Classical Hodgkin lymphoma (cHL) is a non-AIDS-defining cancer with a good response to chemotherapy in the combined antiretroviral therapy (cART) era. The aim of the present study was to compare the characteristics, the response to treatment and the survival of advanced-stage cHL treated with adriamycin, bleomycin, vinblastine and dacarbazine (ABVD) between cART-treated HIV-positive and HIV-negative patients.

Design and methods:

We retrospectively analyzed advanced-stage cHL patients from a single institution, uniformly treated with ABVD. All HIV-positive patients received cART concomitantly with ABVD.

Results:

A total of 69 patients were included in the study: 21 were HIV-positive and 48 were HIV-negative. HIV-positive patients had more aggressive features at cHL diagnosis, such as worse performance status, more frequent bone marrow involvement and mixed cellularity histologic subtype.
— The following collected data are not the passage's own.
(* Let $G$ be an infinite finitely generated group and let $p\in\mathbb{N}$, $p\ge 2$. Then $HX_0(G,\mathbb{Z}_p)=0$. Equivalently: for every function $c\colon G\to\mathbb{Z}_p$ there exist $R>0$ and a $1$-chain $\psi=\sum_{x,y\in G}\psi_{[x,y]}[x,y]$ with coefficients $\psi_{[x,y]}\in\mathbb{Z}_p$ and $\psi_{[x,y]}=0$ whenever $d(x,y)\ge R$, such that $\partial\psi=c$.
   Context: Fix a finite symmetric generating set $S$ of $G$ and let $d$ be the word metric on $G$ with respect to $S$ (equivalently the path metric of the Cayley graph $\Gamma_G$). For an abelian group $A$, let $CX_0(G,A)$ be the group of all functions $G\to A$ (formal sums $\sum_{x\in G}c_x x$, possibly infinite), and let $CX_1(G,A)$ be the group of formal (possibly infinite) $1$-chains $c=\sum_{x,y\in G}c_{[x,y]}[x,y]$ with $c_{[x,y]}\in A$ such that for each $c$ there is $R>0$ with $c_{[x,y]}=0$ whenever $d(x,y)\ge R$. The differential $\partial\colon CX_1(G,A)\to CX_0(G,A)$ is the $A$-linear extension of $\partial[x,y]=y-x$ (well defined since, by the bounded-range condition and local finiteness, each vertex receives finitely many contributions). The $0$-th coarse (locally finite) homology is $HX_0(G,A)=CX_0(G,A)/\operatorname{Im}\partial$. Here $\mathbb{Z}_p$ is the cyclic group of order $p$. *)

From HB Require Import structures.
From mathcomp Require Import all_boot all_order all_algebra.
Set Implicit Arguments.
Unset Strict Implicit.
Unset Printing Implicit Defensive.
Import GRing.Theory.

Section CoarseDefs.
Variable G : groupType.
Local Open Scope group_scope.

Definition word_prod (w : seq G) : G := foldr (fun s acc => s * acc) 1 w.

Definition symmetric_gen (S : seq G) : Prop := forall s, s \in S -> s^-1 \in S.

(* S generates G (as a monoid; for symmetric S this is the same as as a group) *)
Definition generates (S : seq G) : Prop :=
  forall g : G, exists w : seq G, all (fun s => s \in S) w /\ g = word_prod w.

Definition infinite_group : Prop := ~ exists s : seq G, forall g : G, g \in s.

Definition word_dist_lt (S : seq G) (x y : G) (R : nat) : Prop :=
  exists w : seq G, [/\ all (fun s => s \in S) w, (size w < R)%N & y = x * word_prod w].
End CoarseDefs.

Section Chains.
Variables (G : groupType) (A : zmodType).
Local Open Scope ring_scope.

(* A 1-chain is psi : G -> G -> A, psi x y = coefficient of [x,y].
   bounded_range S psi R : psi_[x,y] = 0 whenever d(x,y) >= R. *)
Definition bounded_range (S : seq G) (psi : G -> G -> A) (R : nat) : Prop :=
  forall x y : G, psi x y != 0 -> word_dist_lt S x y R.

(* boundary psi = c, where (boundary psi)(v) = sum_x psi_[x,v] - sum_y psi_[v,y]
   (from d[x,y] = y - x); the sums are over any finite duplicate-free list s
   containing all x with a nonzero coefficient psi_[x,v] or psi_[v,x]. *)
Definition is_boundary (psi : G -> G -> A) (c : G -> A) : Prop :=
  forall v : G, exists s : seq G,
    [/\ uniq s,
        (forall x : G, x \notin s -> psi x v = 0 /\ psi v x = 0)
      & c v = \sum_(x <- s) (psi x v - psi v x)].
End Chains.

From HB Require Import structures.
From mathcomp Require Import all_boot all_order all_algebra.
From mathcomp Require Import zify boolp.
Set Implicit Arguments. Unset Strict Implicit. Unset Printing Implicit Defensive.
Import GRing.Theory.

(* Idea: choose a geodesic spanning tree of the Cayley graph, rooted at 1,
   whose edges [parent v, v] all have length 1.  A function c : G -> A is the
   boundary of a chain supported on tree edges as soon as one finds a "flow"
   f (the coefficient of the edge entering v) with
       c v = f v - sum of f over the children of v      (f 1 := 0).
   If the subtree below v is finite, f v must be the sum of c over it.  The
   remaining vertices have infinite subtrees; since the tree is infinite and
   locally finite, Koenig's lemma gives each of them a child with an infinite
   subtree (its "heir"), and the missing mass is pushed down this ray. *)

Section FlowsOnTrees.
Variables (V : eqType) (root : V) (par : V -> V) (depth : V -> nat)
  (children : V -> seq V).
Hypothesis par_root : par root = root.
Hypothesis depth_par : forall v, v != root -> depth v = (depth (par v)).+1.
Hypothesis mem_children :
  forall v w, (w \in children v) = (w != root) && (par w == v).
Hypothesis uniq_children : forall v, uniq (children v).
Hypothesis depth_unbounded : forall M, exists u, (M < depth u)%N.

Definition descendant (v u : V) : Prop := exists k, iter k par u = v.

Lemma par_child v w : w \in children v -> par w = v.
Proof. by rewrite mem_children => /andP[_ /eqP]. Qed.

Lemma depth_child v w : w \in children v -> depth w = (depth v).+1.
Proof.
move=> wv; have := wv; rewrite mem_children => /andP[w_root _].
by rewrite depth_par // (par_child wv).
Qed.

Lemma descendant_refl v : descendant v v.
Proof. by exists 0%N. Qed.

Lemma descendant_child v w u : w \in children v -> descendant w u -> descendant v u.
Proof. by move=> wv [k wk]; exists k.+1; rewrite iterS wk (par_child wv). Qed.

Lemma descendant_root u : descendant root u.
Proof.
have [n] := ubnP (depth u); elim: n u => // n IH u /ltnSE du.
have [-> | u_root] := eqVneq u root; first exact: descendant_refl.
have [k pk] : descendant root (par u) by apply: IH; rewrite -ltnS -depth_par.
by exists k.+1; rewrite iterSr.
Qed.

Lemma descendant_split v u :
  descendant v u -> u = v \/ exists2 w, w \in children v & descendant w u.
Proof.
case=> k; elim: k => [|k IH] /= Hk; first by left.
have [w_root | w_root] := eqVneq (iter k par u) root.
  by apply: IH; rewrite w_root -Hk w_root par_root.
by right; exists (iter k par u); [rewrite mem_children w_root Hk eqxx | exists k].
Qed.

(* The subtree of v has bounded depth, i.e. (the tree being locally finite)
   it is finite. *)
Definition bounded_subtree (v : V) : Prop :=
  exists M, forall u, descendant v u -> (depth u <= M)%N.

Lemma root_unbounded : ~ bounded_subtree root.
Proof.
case=> M HM; have [u Mu] := depth_unbounded M.
by have := HM u (descendant_root u); rewrite leqNgt Mu.
Qed.

Lemma bounded_child v w :
  bounded_subtree v -> w \in children v -> bounded_subtree w.
Proof. by move=> [M HM] wv; exists M => u /(descendant_child wv) /HM. Qed.

Lemma bounded_seq (s : seq V) : (forall w, w \in s -> bounded_subtree w) ->
  exists M, forall w u, w \in s -> descendant w u -> (depth u <= M)%N.
Proof.
elim: s => [|x s IH] Hs; first by exists 0%N.
have [Mx HMx] := Hs x (mem_head x s).
have [Ms HMs] : exists M, forall w u, w \in s -> descendant w u -> (depth u <= M)%N.
  by apply: IH => w ws; apply: Hs; rewrite in_cons ws orbT.
exists (maxn Mx Ms) => w u; rewrite in_cons leq_max => /predU1P[-> | ws] wu.
  by rewrite HMx.
by rewrite (HMs w u ws wu) orbT.
Qed.

Lemma unbounded_child v :
  ~ bounded_subtree v -> exists2 w, w \in children v & ~ bounded_subtree w.
Proof.
move=> v_unb; apply: contrapT => no_child; apply: v_unb.
have [M HM] : exists M, forall w u, w \in children v -> descendant w u -> (depth u <= M)%N.
  apply: bounded_seq => w wv; apply: contrapT => w_unb; apply: no_child; by exists w.
exists (maxn M (depth v)) => u /descendant_split [-> | [w wv wu]].
  by rewrite leq_maxr.
by rewrite leq_max (HM w u wv wu).
Qed.

Definition boundedb (v : V) : bool := `[< bounded_subtree v >].

Variables (Z : zmodType) (c : V -> Z).
Local Open Scope ring_scope.

Fixpoint subtree_sum_upto (n : nat) (v : V) : Z :=
  if n is n'.+1 then c v + \sum_(w <- children v) subtree_sum_upto n' w else c v.

Lemma subtree_sum_upto_stable M k v :
  (forall u, descendant v u -> (depth u <= M)%N) -> (M - depth v <= k)%N ->
  forall n, (k <= n)%N -> subtree_sum_upto n v = subtree_sum_upto k v.
Proof.
elim: k v => [|k IH] v HM vk n kn.
  have leaf m : subtree_sum_upto m v = c v.
    case: m => [//|m] /=; rewrite big1_seq ?addr0 // => w /andP[_ wv].
    by have := HM w (descendant_child wv (descendant_refl w)); rewrite (depth_child wv); lia.
  by rewrite !leaf.
case: n kn => [//|n] kn /=; congr (_ + _); apply: eq_big_seq => w wv.
apply: IH => [u wu | |//]; first exact/HM/(descendant_child wv).
by rewrite (depth_child wv); lia.
Qed.

Definition depth_bound (v : V) : nat :=
  if pselect (bounded_subtree v) is left bv then proj1_sig (cid bv) else 0.

Lemma depth_boundP v :
  bounded_subtree v -> forall u, descendant v u -> (depth u <= depth_bound v)%N.
Proof.
by rewrite /depth_bound; case: pselect => // bv _; case: (cid bv).
Qed.

(* The total mass of c on a bounded subtree. *)
Definition subtree_sum (v : V) : Z := subtree_sum_upto (depth_bound v - depth v) v.

Lemma subtree_sum_rec v : bounded_subtree v ->
  subtree_sum v = c v + \sum_(w <- children v) subtree_sum w.
Proof.
move=> bv; rewrite /subtree_sum.
rewrite -(subtree_sum_upto_stable (depth_boundP bv) (leqnn _) (leqnSn _)) /=.
congr (_ + _); apply: eq_big_seq => w wv.
have bound_w u : descendant w u -> (depth u <= depth_bound v)%N.
  by move=> /(descendant_child wv) /(depth_boundP bv).
set K := maxn (depth_bound v - depth v) (depth_bound w - depth w).
have wK : (depth_bound v - depth w <= depth_bound v - depth v)%N.
  by rewrite (depth_child wv); lia.
rewrite -(subtree_sum_upto_stable bound_w wK (leq_maxl _ _ : (_ <= K)%N)).
by rewrite (subtree_sum_upto_stable (depth_boundP (bounded_child bv wv)) (leqnn _) (leq_maxr _ _)).
Qed.

Definition heir (v : V) : V :=
  if pselect (exists w, w \in children v /\ ~ bounded_subtree w) is left hv
  then proj1_sig (cid hv) else v.

Lemma heirP v :
  ~ bounded_subtree v -> heir v \in children v /\ ~ bounded_subtree (heir v).
Proof.
move=> v_unb; rewrite /heir; case: pselect => [hv | no_heir].
  by case: (cid hv).
by have [w wv w_unb] := unbounded_child v_unb; case: no_heir; exists w.
Qed.

(* The flow on vertices with infinite subtrees: zero unless v is the heir of
   its parent, in which case it carries whatever the parent's balance leaves
   over; defined by recursion on the depth. *)
Fixpoint ray_flow_upto (n : nat) (v : V) : Z :=
  if n is n'.+1 then
    if (v != root) && (heir (par v) == v) then
      ray_flow_upto n' (par v) - c (par v)
        - \sum_(w <- children (par v) | boundedb w) subtree_sum w
    else 0
  else 0.

Definition ray_flow (v : V) : Z := ray_flow_upto (depth v) v.

Lemma ray_flow_root : ray_flow root = 0.
Proof. by rewrite /ray_flow; case: (depth root) => //= n; rewrite eqxx. Qed.

Lemma ray_flow_heir v : ~ bounded_subtree v ->
  ray_flow (heir v) =
  ray_flow v - c v - \sum_(w <- children v | boundedb w) subtree_sum w.
Proof.
move=> /heirP[hv _]; have := hv; rewrite mem_children => /andP[h_root _].
by rewrite /ray_flow (depth_child hv) /= (par_child hv) h_root eqxx.
Qed.

Lemma ray_flow_other v w : w \in children v -> w != heir v -> ray_flow w = 0.
Proof.
move=> wv w_heir; rewrite /ray_flow (depth_child wv) /= (par_child wv).
by rewrite [heir v == w]eq_sym (negbTE w_heir) andbF.
Qed.

Definition flow (v : V) : Z := if boundedb v then subtree_sum v else ray_flow v.

Lemma flow_bounded v : bounded_subtree v -> flow v = subtree_sum v.
Proof. by move=> bv; rewrite /flow /boundedb asboolT. Qed.

Lemma flow_unbounded v : ~ bounded_subtree v -> flow v = ray_flow v.
Proof. by move=> v_unb; rewrite /flow /boundedb asboolF. Qed.

Theorem flow_balance v :
  c v = (if v != root then flow v else 0) - \sum_(w <- children v) flow w.
Proof.
have [bv | v_unb] := asboolP (bounded_subtree v).
  have v_root : v != root by apply/eqP => v_root; apply: root_unbounded; rewrite -v_root.
  have -> : \sum_(w <- children v) flow w = \sum_(w <- children v) subtree_sum w.
    by apply: eq_big_seq => w wv; apply: flow_bounded (bounded_child bv wv).
  by rewrite v_root flow_bounded // subtree_sum_rec // addrK.
have -> : (if v != root then flow v else 0) = ray_flow v.
  case: eqVneq => [-> | _]; first by rewrite ray_flow_root.
  by rewrite flow_unbounded.
have [hv h_unb] := heirP v_unb.
have ray_sum : \sum_(w <- children v | ~~ boundedb w) flow w = ray_flow (heir v).
  rewrite -big_filter (bigD1_seq (heir v)) ?filter_uniq //=; last first.
    by rewrite mem_filter hv andbT; apply/asboolP.
  rewrite big1_seq ?addr0 => [|w /andP[w_heir]]; last first.
    by rewrite mem_filter => /andP[/asboolP w_unb wv]; rewrite flow_unbounded // (ray_flow_other wv).
  by rewrite flow_unbounded.
rewrite (bigID boundedb) /= ray_sum ray_flow_heir //.
rewrite (eq_bigr subtree_sum) => [|w /asboolP]; last exact: flow_bounded.
set X := \sum_(_ <- _ | _) _.
by rewrite (addrC X) subrK opprB addrC subrK.
Qed.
There were no differences in complete response rate (89% in HIV-positive vs. 91% in HIV-negative), P = 1; disease-free survival (DFS) [10-year DFS probability (95% CI) 70% (41–99%) vs. 74% (57–91%)], P = 0.907 and overall survival (OS) [10-year OS probability (95% CI) 73% (52–94%) vs. 68% (51–85%)], P = 0.904. On multivariate analysis, HIV infection did not correlate with worse OS.

Conclusion:

Although HIV-positive patients with cHL had more aggressive baseline features in this series, there were no differences in response rate or survival between HIV-positive and HIV-negative patients.